::: SOURCE MATERIAL :::
Lemma diam_exists_le {X : Type} (d : X -> X -> R) (S : X -> Prop) (c : R) :
  (exists x, S x) -> (forall x y, S x -> S y -> d x y <= c) ->
  exists r, diam d S r /\ r <= c.
Proof.
  intros [x Sx] Hbound. apply lub_exists_le.
  - exists (d x x), x, x. auto.
  - intros s [a [b [Sa [Sb ->]]]]. auto.
Qed.

Lemma excess_exists_le {X : Type} (d : X -> X -> R) (A B : X -> Prop) (c : R) :
  is_metric X d -> (exists x, A x) -> (exists y, B y) ->
  (forall x y, A x -> B y -> d x y <= c) -> exists r, excess d A B r /\ r <= c.
Proof.
  intros M [x Ax] [y By] Hbound. apply lub_exists_le.
  - destruct (glb_exists_nonneg (fun s => exists y, B y /\ s = d x y)) as [s Hs].
    + exists (d x y). eauto.
    + intros s [z [_ ->]]. apply (metric_nonneg _ _ M).
    + exists s, x. auto.
  - intros s [a [Aa [Hlb _]]]. apply Rle_trans with (d a y); [|auto].
    apply Hlb. eauto.
Qed.

Lemma hausdorff_exists_le {X : Type} (d : X -> X -> R) (A B : X -> Prop) (c : R) :
  is_metric X d -> (exists x, A x) -> (exists y, B y) ->
  (forall x y, A x -> B y -> d x y <= c) ->
  exists r, hausdorff_dist d A B r /\ r <= c.
Proof.
  intros M HA HB Hbound.
  destruct (excess_exists_le d A B c M HA HB Hbound) as [e1 [H1 L1]].
  destruct (excess_exists_le d B A c M HB HA) as [e2 [H2 L2]].
  { intros x y Bx Ay. rewrite (metric_sym _ _ M). auto. }
  exists (Rmax e1 e2). split; [exists e1, e2; auto|apply Rmax_lub; auto].
Qed.

Definition shrinking_images {X : Type} (d : X -> X -> R) (T : X -> X) : Prop :=
  forall eps, 0 < eps -> exists n, forall x y,
    img_iter T n fullset x -> img_iter T n fullset y -> d x y < eps.

(* (1) -> shrinking, testing proximality on the pair X, {x0} of K(X): every
   point of T^n X is within d_H(T^n X, {T^n x0}) of T^n x0. *)
Lemma shrinking_of_KX_proximal {X : Type} (d : X -> X -> R) (T : X -> X) :
  TDS d T -> KX_proximal d T -> shrinking_images d T.
Proof.
  intros [[x0] [M _]] Hprox eps Heps.
  assert (Hfull : in_KX d (@fullset X)).
  { split; [exists x0; exact I|intros u l _ _; exact I]. }
  assert (Hpoint : in_KX d (fun y => y = x0)).
  { split; [exists x0; reflexivity|]. intros u l Hu Hul.
    apply (seq_conv_unique X d M u); [exact Hul|].
    intros e He. exists O. intros n _.
    rewrite Hu, (proj2 (metric_eq0 _ _ M x0 x0) eq_refl). exact He. }
  destruct (Hprox _ _ Hfull Hpoint (eps/2) ltac:(lra) O)
    as [n [r [_ [[e1 [e2 [[Hexcess _] [_ Hr]]]] Hlt]]]].
  exists n. set (p := iter n T x0).
  assert (Hnear : forall y, img_iter T n fullset y -> d y p <= r).
  { intros y Hy.
    destruct (glb_exists_nonneg
      (fun s => exists z, img_iter T n (fun y => y = x0) z /\ s = d y z))
      as [s [Hlb Hgreatest]].
    - exists (d y p), p. split; [exists x0; auto|reflexivity].
    - intros s [z [_ ->]]. apply (metric_nonneg _ _ M).
    - assert (Hys : d y p <= s).
      { apply Hgreatest. intros s' [z [[x [-> <-]] ->]]. apply Rle_refl. }
      assert (s <= e1) by (apply Hexcess; exists y; split; [exact Hy|split; assumption]).
      pose proof (Rmax_l e1 e2). lra. }
  intros x y Hx Hy.
  pose proof (metric_tri _ _ M x p y) as Htri.
  rewrite (metric_sym _ _ M p y) in Htri.
  pose proof (Hnear x Hx). pose proof (Hnear y Hy). lra.
Qed.

(* shrinking -> (1): beyond N, the sets T^n A, T^n B sit inside a small T^n X. *)
Lemma KX_proximal_of_shrinking {X : Type} (d : X -> X -> R) (T : X -> X) :
  TDS d T -> shrinking_images d T -> KX_proximal d T.
Proof.
  intros [_ [M _]] Hshrink A B [[a Aa] _] [[b Bb] _] eps Heps N.
  destruct (Hshrink (eps/2) ltac:(lra)) as [n0 Hn0].
  set (n := max N n0).
  destruct (hausdorff_exists_le d (img_iter T n A) (img_iter T n B) (eps/2) M)
    as [r [Hr Hle]].
  - exists (iter n T a), a. auto.
  - exists (iter n T b), b. auto.
  - intros x y Hx Hy. left. apply Hn0;
      apply (img_iter_antitone T n); unfold n; try lia; eapply img_iter_full; eauto.
  - exists n, r. repeat split; [unfold n; lia|exact Hr|lra].
Qed.

(* shrinking -> (2): the core is non-empty, and any two of its points lie in
   every T^n X, hence are arbitrarily close. *)
Lemma singleton_core_of_shrinking {X : Type} (d : X -> X -> R) (T : X -> X) :
  TDS d T -> shrinking_images d T -> singleton_set (omega_core T).
Proof.
  intros Td Hshrink. pose proof Td as [_ [M _]].
  destruct (core_nonempty d T Td) as [l Hl].
  exists l. intro y. split; [|intros ->; exact Hl].
  intro Hy. apply (eq_of_dist_small X d M). intros eps Heps.
  destruct (Hshrink eps Heps) as [n Hn]. apply Hn; auto.
Qed.

(* (2) -> shrinking: otherwise [core_far_pair] gives two distinct core points. *)
Lemma shrinking_of_singleton_core {X : Type} (d : X -> X -> R) (T : X -> X) :
  TDS d T -> singleton_set (omega_core T) -> shrinking_images d T.
Proof.
  intros Td [p Hp] eps Heps. pose proof Td as [_ [M _]].
  apply NNPP. intro Hnot.
  destruct (core_far_pair d T eps Td) as [a [b [Ha [Hb Hab]]]].
  { intro n. apply NNPP. intro Hclose. apply Hnot. exists n. intros x y Hx Hy.
    apply Rnot_le_lt. intro Hxy. apply Hclose. exists x, y. auto. }
  apply Hp in Ha. apply Hp in Hb. subst a b.
  rewrite (proj2 (metric_eq0 _ _ M p p) eq_refl) in Hab. lra.
Qed.

Lemma shrinking_iff_uniformly_proximal {X : Type} (d : X -> X -> R) (T : X -> X) :
  TDS d T -> (shrinking_images d T <-> uniformly_proximal_space d T).
Proof.
  intros [[x0] _]. split.
  - intros Hshrink eps Heps. destruct (Hshrink (eps/2) ltac:(lra)) as [n Hn].
    destruct (diam_exists_le d (img_iter T n fullset) (eps/2)) as [r [Hr Hle]].
    + exists (iter n T x0), x0. split; [exact I|reflexivity].
    + intros x y Hx Hy. left. auto.
    + exists n, r. split; [exact Hr|lra].
  - intros Hunif eps Heps. destruct (Hunif eps Heps) as [n [r [[Hub _] Hlt]]].
    exists n. intros x y Hx Hy.
    assert (d x y <= r) by (apply Hub; exists x, y; auto). lra.
Qed.

Theorem mainTheorem11 (X : Type) (d : X -> X -> R) (T : X -> X) :
  TDS d T ->
  (KX_proximal d T <-> singleton_set (omega_core T)) /\
  (singleton_set (omega_core T) <-> uniformly_proximal_space d T).
Proof.
  intros Td.
  assert (Hcore : shrinking_images d T <-> singleton_set (omega_core T)).
  { split; [apply singleton_core_of_shrinking|apply shrinking_of_singleton_core];
      exact Td. }
  assert (Hprox : shrinking_images d T <-> KX_proximal d T).
  { split; [apply KX_proximal_of_shrinking|apply shrinking_of_KX_proximal];
      exact Td. }
  pose proof (shrinking_iff_uniformly_proximal d T Td) as Hunif.
  split; [rewrite <- Hprox, <- Hcore|rewrite <- Hunif, <- Hcore]; reflexivity.
Qed.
:::
• **REQUIREMENT**
Provide only the count of lines within the entries above that include the string "assert".

• **YOUR SOLUTION**
8